Examine the material below. Gather every line in which the string "distance" appears.

-- Opening Marker --

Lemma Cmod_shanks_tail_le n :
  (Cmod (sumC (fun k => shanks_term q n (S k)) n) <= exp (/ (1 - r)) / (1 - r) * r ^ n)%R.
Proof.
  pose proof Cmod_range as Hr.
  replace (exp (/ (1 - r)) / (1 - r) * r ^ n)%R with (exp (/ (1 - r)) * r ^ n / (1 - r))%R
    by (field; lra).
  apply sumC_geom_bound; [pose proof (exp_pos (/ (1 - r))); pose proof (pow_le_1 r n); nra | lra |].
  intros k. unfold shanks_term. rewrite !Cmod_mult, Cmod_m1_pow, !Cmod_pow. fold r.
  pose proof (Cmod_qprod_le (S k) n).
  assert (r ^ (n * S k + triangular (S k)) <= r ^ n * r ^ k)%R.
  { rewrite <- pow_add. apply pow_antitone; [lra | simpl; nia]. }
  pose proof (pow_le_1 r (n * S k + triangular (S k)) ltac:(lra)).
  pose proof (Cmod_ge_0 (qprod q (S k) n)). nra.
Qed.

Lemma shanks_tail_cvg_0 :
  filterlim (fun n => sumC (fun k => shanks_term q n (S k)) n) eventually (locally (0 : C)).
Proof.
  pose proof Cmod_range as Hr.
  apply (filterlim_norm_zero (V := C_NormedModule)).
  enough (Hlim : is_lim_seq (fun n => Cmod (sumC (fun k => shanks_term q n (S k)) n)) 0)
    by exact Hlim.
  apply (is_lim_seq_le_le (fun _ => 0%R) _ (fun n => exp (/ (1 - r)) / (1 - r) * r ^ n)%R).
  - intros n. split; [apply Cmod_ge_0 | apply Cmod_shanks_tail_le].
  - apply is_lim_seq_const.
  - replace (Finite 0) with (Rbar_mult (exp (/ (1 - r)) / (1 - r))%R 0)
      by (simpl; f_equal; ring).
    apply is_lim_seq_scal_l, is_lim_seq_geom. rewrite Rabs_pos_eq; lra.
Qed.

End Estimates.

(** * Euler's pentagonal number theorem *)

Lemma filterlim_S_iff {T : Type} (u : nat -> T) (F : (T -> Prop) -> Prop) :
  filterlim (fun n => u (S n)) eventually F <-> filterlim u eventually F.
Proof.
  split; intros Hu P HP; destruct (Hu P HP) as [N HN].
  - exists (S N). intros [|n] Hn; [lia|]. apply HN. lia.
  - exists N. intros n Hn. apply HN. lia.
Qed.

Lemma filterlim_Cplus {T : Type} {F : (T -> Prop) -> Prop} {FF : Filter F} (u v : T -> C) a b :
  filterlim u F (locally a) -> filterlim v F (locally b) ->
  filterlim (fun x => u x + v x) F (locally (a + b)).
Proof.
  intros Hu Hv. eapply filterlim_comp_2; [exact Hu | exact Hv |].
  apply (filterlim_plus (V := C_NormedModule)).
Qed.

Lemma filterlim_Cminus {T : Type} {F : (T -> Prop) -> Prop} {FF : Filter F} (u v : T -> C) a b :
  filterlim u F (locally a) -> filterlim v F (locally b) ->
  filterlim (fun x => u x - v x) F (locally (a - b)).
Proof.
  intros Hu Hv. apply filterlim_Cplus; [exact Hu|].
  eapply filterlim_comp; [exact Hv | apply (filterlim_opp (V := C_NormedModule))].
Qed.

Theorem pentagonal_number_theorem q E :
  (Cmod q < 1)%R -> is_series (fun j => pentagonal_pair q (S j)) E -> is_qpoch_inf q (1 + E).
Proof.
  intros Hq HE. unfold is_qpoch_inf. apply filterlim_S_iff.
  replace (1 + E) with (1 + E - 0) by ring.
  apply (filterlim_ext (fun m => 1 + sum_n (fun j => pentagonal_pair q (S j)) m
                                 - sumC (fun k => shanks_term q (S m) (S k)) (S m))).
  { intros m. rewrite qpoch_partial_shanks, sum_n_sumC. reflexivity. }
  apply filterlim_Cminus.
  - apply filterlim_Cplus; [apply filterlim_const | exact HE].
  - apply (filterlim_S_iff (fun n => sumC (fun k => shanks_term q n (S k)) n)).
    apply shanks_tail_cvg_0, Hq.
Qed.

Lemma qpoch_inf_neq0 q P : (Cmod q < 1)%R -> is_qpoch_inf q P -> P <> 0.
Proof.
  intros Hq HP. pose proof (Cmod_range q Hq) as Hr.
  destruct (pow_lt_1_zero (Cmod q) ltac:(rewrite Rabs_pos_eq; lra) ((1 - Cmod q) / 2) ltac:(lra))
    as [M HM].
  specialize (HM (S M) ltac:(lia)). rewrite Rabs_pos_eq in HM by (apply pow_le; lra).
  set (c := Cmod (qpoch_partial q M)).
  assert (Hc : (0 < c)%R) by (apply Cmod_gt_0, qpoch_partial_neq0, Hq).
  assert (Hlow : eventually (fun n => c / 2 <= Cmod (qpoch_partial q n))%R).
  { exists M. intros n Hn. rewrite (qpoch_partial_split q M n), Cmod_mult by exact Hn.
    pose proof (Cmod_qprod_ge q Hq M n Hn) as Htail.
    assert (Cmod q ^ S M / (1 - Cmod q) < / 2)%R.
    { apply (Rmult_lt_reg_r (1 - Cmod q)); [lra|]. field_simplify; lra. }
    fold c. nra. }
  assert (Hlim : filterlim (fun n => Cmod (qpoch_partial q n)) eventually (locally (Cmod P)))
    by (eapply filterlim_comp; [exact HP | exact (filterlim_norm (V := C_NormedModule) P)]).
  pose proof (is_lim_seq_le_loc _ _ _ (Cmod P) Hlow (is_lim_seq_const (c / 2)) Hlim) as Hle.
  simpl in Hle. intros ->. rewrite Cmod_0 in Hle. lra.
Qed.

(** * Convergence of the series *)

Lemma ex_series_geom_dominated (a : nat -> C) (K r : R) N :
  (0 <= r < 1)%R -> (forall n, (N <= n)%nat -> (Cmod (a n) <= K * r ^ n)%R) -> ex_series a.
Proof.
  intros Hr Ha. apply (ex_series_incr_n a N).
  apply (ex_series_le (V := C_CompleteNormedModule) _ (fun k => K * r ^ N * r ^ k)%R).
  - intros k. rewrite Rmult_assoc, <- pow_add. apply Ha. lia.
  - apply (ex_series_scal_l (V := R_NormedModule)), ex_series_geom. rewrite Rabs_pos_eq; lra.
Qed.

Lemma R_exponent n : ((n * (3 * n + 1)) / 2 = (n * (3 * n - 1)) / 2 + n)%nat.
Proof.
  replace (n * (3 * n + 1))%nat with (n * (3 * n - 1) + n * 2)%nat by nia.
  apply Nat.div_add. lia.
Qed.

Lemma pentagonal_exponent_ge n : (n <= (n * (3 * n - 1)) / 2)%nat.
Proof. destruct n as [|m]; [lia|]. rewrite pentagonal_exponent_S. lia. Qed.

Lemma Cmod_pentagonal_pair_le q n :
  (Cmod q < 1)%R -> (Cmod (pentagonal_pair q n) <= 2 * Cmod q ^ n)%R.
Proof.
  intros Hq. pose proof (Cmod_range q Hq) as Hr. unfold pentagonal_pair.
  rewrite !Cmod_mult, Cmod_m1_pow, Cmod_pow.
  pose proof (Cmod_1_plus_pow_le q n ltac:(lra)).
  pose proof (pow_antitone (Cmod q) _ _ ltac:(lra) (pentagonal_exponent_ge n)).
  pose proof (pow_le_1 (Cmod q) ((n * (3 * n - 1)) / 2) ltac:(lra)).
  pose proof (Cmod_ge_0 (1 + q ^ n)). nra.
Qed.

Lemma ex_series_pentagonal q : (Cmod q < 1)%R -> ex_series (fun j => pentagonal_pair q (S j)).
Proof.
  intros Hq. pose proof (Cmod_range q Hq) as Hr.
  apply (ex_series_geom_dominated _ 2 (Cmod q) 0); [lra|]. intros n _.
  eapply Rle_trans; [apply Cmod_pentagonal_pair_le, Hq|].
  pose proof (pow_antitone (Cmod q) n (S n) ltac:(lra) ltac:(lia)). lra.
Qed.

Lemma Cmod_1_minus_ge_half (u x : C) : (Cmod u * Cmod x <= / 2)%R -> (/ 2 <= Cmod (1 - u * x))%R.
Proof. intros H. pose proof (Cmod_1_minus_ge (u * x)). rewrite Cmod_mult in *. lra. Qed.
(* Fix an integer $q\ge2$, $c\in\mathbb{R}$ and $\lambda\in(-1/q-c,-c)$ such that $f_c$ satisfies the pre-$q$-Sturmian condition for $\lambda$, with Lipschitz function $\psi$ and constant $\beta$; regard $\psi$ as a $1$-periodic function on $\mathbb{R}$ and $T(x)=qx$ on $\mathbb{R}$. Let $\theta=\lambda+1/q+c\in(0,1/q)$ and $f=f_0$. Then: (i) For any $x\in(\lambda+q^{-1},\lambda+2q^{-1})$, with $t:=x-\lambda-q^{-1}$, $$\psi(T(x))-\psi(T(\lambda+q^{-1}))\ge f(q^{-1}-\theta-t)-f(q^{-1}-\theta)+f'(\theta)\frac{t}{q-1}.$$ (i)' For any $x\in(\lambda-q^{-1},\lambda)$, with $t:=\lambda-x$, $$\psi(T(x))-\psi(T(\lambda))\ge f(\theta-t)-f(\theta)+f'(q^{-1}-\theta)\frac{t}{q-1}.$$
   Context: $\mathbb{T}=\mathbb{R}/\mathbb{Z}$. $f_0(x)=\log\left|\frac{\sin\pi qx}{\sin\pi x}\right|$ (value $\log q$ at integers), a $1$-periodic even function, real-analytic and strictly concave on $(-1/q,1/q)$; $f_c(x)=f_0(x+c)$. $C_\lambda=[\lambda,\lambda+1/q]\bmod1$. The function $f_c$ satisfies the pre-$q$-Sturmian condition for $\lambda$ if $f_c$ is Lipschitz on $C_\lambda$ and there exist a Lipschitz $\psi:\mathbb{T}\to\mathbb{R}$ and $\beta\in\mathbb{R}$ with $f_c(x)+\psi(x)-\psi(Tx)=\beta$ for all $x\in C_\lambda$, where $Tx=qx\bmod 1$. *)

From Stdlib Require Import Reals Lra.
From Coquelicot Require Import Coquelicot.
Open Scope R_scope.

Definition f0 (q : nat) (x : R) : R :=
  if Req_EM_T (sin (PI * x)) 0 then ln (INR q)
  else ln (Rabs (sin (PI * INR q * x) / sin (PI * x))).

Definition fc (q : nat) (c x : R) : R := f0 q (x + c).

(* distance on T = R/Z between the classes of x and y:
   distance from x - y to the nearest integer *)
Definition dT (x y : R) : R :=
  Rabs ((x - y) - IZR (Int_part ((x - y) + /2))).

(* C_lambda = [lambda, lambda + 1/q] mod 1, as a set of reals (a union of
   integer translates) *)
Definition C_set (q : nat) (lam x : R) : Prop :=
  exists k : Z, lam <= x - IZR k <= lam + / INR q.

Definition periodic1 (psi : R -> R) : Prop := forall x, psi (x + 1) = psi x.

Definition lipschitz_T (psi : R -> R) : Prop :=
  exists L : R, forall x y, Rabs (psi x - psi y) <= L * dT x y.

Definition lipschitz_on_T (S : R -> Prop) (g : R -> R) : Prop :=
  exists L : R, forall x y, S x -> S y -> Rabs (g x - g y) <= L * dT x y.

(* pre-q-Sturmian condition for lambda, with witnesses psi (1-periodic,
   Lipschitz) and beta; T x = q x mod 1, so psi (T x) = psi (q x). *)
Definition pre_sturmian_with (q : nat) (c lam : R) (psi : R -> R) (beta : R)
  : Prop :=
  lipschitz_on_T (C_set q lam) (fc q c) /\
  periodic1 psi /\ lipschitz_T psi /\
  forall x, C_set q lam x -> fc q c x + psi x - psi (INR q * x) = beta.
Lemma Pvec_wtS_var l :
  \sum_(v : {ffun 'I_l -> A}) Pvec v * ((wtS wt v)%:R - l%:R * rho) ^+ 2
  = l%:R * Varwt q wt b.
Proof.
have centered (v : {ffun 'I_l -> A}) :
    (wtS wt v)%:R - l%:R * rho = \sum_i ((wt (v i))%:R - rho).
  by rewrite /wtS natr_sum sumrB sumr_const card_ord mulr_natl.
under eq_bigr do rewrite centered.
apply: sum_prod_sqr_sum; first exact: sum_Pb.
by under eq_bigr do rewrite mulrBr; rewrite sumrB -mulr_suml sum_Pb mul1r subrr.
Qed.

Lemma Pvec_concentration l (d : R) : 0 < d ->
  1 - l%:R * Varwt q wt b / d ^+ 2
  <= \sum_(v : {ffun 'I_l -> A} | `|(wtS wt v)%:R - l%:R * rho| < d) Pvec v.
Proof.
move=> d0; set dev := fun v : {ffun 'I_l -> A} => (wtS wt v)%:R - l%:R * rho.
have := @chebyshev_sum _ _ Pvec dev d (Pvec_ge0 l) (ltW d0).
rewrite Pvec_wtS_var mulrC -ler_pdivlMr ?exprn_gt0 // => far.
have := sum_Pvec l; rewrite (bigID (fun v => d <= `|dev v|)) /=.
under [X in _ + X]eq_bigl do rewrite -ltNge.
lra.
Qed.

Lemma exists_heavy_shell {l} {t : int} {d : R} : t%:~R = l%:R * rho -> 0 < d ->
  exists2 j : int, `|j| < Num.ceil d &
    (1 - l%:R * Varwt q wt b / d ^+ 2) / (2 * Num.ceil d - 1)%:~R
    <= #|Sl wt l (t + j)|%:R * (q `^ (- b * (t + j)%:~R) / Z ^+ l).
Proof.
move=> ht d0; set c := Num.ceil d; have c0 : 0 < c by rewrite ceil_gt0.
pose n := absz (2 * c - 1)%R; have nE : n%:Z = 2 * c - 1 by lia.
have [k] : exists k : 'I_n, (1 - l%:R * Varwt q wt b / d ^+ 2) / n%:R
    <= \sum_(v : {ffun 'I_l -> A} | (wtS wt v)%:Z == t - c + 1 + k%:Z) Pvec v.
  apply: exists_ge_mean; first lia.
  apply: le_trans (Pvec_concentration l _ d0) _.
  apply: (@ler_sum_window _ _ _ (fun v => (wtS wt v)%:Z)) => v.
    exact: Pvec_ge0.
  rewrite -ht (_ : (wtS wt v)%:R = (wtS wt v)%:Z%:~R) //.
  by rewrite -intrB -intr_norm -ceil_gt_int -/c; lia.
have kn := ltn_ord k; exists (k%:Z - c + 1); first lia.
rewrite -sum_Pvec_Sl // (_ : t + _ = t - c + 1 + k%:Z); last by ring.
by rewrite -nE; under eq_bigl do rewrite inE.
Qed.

-- Closing Marker --

Final answer
(* distance on T = R/Z between the classes of x and y:
   distance from x - y to the nearest integer *)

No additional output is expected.